[Stored data]
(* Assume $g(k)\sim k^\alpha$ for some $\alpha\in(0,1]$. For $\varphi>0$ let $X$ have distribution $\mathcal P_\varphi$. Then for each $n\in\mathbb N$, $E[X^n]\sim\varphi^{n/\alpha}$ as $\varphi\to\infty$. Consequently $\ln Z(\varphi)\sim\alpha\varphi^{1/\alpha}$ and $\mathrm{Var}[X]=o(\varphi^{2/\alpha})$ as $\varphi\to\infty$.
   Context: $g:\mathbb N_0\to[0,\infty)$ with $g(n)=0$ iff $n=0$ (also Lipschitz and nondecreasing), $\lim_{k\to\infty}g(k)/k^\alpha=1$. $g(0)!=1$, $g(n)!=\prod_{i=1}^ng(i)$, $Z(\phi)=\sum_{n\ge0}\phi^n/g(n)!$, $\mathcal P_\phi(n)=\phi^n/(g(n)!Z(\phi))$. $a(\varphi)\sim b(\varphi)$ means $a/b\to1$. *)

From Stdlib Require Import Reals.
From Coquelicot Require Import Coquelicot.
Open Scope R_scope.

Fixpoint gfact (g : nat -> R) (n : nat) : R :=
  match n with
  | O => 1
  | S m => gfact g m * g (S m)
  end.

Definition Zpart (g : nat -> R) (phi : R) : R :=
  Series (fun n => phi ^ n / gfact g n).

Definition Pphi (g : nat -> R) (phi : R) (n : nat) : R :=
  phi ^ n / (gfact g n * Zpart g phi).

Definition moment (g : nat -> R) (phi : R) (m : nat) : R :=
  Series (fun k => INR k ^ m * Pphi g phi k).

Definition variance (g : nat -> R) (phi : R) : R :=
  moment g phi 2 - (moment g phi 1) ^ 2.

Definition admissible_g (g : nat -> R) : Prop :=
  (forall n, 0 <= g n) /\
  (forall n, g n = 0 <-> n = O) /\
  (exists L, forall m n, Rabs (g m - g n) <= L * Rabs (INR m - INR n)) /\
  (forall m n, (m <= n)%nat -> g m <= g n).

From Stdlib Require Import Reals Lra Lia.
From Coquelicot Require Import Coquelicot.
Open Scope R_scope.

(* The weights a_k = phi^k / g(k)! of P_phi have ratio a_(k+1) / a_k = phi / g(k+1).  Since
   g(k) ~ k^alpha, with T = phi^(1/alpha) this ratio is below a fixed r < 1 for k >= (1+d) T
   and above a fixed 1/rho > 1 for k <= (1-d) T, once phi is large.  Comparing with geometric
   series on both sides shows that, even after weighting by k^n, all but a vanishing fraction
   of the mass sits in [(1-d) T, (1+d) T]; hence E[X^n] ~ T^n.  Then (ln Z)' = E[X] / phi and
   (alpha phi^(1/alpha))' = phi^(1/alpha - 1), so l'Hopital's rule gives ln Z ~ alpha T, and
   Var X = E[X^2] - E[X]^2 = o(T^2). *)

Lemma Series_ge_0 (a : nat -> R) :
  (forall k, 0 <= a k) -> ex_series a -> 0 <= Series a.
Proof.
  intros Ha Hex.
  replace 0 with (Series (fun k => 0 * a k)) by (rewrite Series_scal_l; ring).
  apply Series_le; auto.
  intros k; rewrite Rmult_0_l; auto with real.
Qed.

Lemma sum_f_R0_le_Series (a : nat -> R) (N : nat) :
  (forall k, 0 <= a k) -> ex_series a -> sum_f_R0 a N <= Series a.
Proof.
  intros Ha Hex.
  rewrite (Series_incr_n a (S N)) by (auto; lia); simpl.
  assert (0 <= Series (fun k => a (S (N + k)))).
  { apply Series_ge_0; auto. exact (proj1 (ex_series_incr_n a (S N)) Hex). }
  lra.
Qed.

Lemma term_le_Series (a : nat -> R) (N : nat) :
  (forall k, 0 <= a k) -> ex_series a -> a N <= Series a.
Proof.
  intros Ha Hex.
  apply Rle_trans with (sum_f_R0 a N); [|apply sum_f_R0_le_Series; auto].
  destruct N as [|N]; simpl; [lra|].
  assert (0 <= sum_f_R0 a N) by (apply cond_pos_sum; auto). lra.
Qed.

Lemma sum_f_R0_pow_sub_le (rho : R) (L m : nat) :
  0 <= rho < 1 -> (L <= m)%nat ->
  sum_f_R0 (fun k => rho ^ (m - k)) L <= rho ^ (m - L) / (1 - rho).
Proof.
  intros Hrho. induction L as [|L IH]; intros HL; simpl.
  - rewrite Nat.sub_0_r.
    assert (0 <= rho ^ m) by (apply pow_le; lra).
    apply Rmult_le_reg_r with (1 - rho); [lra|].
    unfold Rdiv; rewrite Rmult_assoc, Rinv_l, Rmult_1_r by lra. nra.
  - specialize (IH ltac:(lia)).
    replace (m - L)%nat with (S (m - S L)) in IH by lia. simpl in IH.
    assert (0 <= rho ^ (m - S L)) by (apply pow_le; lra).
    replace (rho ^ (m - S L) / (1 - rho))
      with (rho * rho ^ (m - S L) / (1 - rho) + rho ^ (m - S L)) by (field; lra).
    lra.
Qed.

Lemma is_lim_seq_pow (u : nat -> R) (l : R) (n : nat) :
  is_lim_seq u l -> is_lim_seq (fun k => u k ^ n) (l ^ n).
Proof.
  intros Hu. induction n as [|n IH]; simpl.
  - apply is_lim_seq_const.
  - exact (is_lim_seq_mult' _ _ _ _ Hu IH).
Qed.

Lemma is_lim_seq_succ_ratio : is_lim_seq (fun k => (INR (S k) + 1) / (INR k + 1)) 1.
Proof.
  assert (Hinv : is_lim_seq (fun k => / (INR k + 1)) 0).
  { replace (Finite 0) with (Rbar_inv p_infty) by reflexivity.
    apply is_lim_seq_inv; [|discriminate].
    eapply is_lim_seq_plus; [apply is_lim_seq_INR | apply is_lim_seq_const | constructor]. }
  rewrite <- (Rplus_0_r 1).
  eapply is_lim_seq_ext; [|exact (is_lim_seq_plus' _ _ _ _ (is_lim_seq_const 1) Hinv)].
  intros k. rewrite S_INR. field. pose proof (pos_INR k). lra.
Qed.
---
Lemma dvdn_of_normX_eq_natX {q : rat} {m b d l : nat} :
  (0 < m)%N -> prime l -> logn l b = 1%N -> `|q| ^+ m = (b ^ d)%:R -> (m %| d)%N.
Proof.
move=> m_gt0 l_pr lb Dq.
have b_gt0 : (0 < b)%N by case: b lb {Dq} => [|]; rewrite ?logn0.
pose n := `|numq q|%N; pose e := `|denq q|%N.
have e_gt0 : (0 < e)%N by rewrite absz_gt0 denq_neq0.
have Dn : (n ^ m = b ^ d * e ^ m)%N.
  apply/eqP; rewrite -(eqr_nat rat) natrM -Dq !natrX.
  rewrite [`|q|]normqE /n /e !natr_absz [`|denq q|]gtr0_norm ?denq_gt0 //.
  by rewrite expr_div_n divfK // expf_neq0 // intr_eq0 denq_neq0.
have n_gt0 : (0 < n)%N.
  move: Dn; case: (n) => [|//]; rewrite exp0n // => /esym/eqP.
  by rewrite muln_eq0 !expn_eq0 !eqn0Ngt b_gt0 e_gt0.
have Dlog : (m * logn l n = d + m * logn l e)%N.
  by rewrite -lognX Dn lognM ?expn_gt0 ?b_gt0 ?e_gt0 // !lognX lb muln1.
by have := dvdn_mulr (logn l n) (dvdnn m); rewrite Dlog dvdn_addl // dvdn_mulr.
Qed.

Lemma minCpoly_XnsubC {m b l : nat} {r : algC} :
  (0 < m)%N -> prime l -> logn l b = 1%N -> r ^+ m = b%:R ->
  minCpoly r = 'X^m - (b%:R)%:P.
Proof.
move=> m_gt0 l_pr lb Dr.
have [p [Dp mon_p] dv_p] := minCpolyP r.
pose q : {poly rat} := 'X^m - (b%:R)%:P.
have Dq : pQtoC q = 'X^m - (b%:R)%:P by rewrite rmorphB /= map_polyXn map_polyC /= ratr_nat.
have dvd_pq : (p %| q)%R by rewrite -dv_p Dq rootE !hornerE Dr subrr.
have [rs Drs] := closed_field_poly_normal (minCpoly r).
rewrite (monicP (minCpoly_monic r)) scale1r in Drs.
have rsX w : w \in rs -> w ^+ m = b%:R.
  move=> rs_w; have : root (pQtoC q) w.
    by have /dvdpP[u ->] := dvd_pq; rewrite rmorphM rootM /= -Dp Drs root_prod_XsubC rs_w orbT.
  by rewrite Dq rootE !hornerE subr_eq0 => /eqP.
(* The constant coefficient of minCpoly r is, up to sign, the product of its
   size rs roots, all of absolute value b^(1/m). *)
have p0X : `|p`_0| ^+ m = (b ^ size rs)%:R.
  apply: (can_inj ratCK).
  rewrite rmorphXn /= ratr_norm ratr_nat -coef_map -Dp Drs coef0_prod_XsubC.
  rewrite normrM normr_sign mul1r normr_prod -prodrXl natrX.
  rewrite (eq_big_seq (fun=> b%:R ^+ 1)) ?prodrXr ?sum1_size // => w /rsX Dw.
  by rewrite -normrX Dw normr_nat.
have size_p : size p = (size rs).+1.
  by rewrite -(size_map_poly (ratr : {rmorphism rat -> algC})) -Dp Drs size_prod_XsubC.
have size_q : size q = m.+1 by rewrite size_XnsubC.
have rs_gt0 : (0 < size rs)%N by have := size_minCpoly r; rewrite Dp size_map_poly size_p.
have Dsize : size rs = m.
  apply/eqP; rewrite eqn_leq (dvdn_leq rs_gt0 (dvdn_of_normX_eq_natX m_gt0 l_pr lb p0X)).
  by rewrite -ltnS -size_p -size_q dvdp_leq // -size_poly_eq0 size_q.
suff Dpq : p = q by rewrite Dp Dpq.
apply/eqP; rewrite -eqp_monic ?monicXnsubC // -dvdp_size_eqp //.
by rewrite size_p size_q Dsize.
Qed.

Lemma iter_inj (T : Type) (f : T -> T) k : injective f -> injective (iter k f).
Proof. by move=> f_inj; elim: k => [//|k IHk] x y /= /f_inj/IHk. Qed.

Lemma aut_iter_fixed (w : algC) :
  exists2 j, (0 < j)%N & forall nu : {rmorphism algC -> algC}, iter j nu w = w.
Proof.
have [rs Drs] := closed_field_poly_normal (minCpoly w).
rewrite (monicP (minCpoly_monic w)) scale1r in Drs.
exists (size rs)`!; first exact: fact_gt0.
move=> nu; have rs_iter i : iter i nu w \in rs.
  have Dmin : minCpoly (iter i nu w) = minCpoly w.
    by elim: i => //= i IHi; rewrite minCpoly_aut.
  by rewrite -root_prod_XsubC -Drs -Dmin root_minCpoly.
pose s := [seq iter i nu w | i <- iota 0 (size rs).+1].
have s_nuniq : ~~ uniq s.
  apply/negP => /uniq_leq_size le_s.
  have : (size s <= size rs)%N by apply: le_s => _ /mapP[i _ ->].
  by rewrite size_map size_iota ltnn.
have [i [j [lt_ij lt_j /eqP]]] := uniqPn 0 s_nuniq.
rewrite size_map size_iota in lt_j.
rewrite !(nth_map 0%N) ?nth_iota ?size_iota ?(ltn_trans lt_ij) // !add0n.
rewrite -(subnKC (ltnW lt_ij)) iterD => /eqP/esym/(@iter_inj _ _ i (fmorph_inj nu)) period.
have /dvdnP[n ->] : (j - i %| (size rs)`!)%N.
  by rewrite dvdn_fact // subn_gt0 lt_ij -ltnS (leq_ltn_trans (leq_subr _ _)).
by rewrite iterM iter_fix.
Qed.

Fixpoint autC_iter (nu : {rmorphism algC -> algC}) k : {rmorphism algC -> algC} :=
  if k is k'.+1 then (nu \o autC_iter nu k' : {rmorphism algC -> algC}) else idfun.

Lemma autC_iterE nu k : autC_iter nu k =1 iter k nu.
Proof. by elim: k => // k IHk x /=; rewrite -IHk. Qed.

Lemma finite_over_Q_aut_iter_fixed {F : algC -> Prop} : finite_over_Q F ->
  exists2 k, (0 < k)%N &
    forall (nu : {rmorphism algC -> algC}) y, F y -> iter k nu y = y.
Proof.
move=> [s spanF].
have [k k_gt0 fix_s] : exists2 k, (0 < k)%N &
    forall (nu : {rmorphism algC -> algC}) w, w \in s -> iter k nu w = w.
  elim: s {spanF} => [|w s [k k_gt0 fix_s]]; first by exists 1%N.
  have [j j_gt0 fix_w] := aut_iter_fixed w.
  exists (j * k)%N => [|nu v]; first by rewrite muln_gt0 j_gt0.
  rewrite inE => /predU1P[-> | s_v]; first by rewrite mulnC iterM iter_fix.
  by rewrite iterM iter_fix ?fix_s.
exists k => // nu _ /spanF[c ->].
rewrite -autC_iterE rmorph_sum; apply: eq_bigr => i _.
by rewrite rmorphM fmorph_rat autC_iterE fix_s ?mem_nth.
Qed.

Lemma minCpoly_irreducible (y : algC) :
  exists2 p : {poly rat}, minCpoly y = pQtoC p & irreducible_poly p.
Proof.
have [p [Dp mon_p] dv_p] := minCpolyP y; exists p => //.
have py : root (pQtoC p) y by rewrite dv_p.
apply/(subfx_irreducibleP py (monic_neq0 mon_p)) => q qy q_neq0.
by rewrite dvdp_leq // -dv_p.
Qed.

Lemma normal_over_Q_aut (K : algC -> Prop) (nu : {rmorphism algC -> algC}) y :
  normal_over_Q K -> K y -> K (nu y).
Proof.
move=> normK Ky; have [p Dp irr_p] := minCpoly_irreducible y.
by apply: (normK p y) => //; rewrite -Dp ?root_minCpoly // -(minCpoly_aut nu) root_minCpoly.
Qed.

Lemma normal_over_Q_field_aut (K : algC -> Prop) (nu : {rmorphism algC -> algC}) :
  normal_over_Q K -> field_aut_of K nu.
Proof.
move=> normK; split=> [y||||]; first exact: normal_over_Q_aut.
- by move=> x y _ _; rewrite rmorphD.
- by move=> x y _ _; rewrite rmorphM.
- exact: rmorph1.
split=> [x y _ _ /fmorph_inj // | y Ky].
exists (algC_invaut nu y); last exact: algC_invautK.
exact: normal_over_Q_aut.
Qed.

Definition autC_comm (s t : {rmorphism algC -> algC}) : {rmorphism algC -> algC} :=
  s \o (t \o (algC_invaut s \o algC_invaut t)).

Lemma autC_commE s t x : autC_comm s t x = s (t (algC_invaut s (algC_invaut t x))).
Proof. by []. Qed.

▶ Activity
Taking the line with "have Dmin : minCpoly" as the first and the line with "k nu w = w." as the last, retype that stretch of the data above exactly, with no other lines.

▶ The completed task
  have Dmin : minCpoly (iter i nu w) = minCpoly w.
    by elim: i => //= i IHi; rewrite minCpoly_aut.
  by rewrite -root_prod_XsubC -Drs -Dmin root_minCpoly.
pose s := [seq iter i nu w | i <- iota 0 (size rs).+1].
have s_nuniq : ~~ uniq s.
  apply/negP => /uniq_leq_size le_s.
  have : (size s <= size rs)%N by apply: le_s => _ /mapP[i _ ->].
  by rewrite size_map size_iota ltnn.
have [i [j [lt_ij lt_j /eqP]]] := uniqPn 0 s_nuniq.
rewrite size_map size_iota in lt_j.
rewrite !(nth_map 0%N) ?nth_iota ?size_iota ?(ltn_trans lt_ij) // !add0n.
rewrite -(subnKC (ltnW lt_ij)) iterD => /eqP/esym/(@iter_inj _ _ i (fmorph_inj nu)) period.
have /dvdnP[n ->] : (j - i %| (size rs)`!)%N.
  by rewrite dvdn_fact // subn_gt0 lt_ij -ltnS (leq_ltn_trans (leq_subr _ _)).
by rewrite iterM iter_fix.
Qed.

Fixpoint autC_iter (nu : {rmorphism algC -> algC}) k : {rmorphism algC -> algC} :=
  if k is k'.+1 then (nu \o autC_iter nu k' : {rmorphism algC -> algC}) else idfun.

Lemma autC_iterE nu k : autC_iter nu k =1 iter k nu.
Proof. by elim: k => // k IHk x /=; rewrite -IHk. Qed.

Lemma finite_over_Q_aut_iter_fixed {F : algC -> Prop} : finite_over_Q F ->
  exists2 k, (0 < k)%N &
    forall (nu : {rmorphism algC -> algC}) y, F y -> iter k nu y = y.
Proof.
move=> [s spanF].
have [k k_gt0 fix_s] : exists2 k, (0 < k)%N &
    forall (nu : {rmorphism algC -> algC}) w, w \in s -> iter k nu w = w.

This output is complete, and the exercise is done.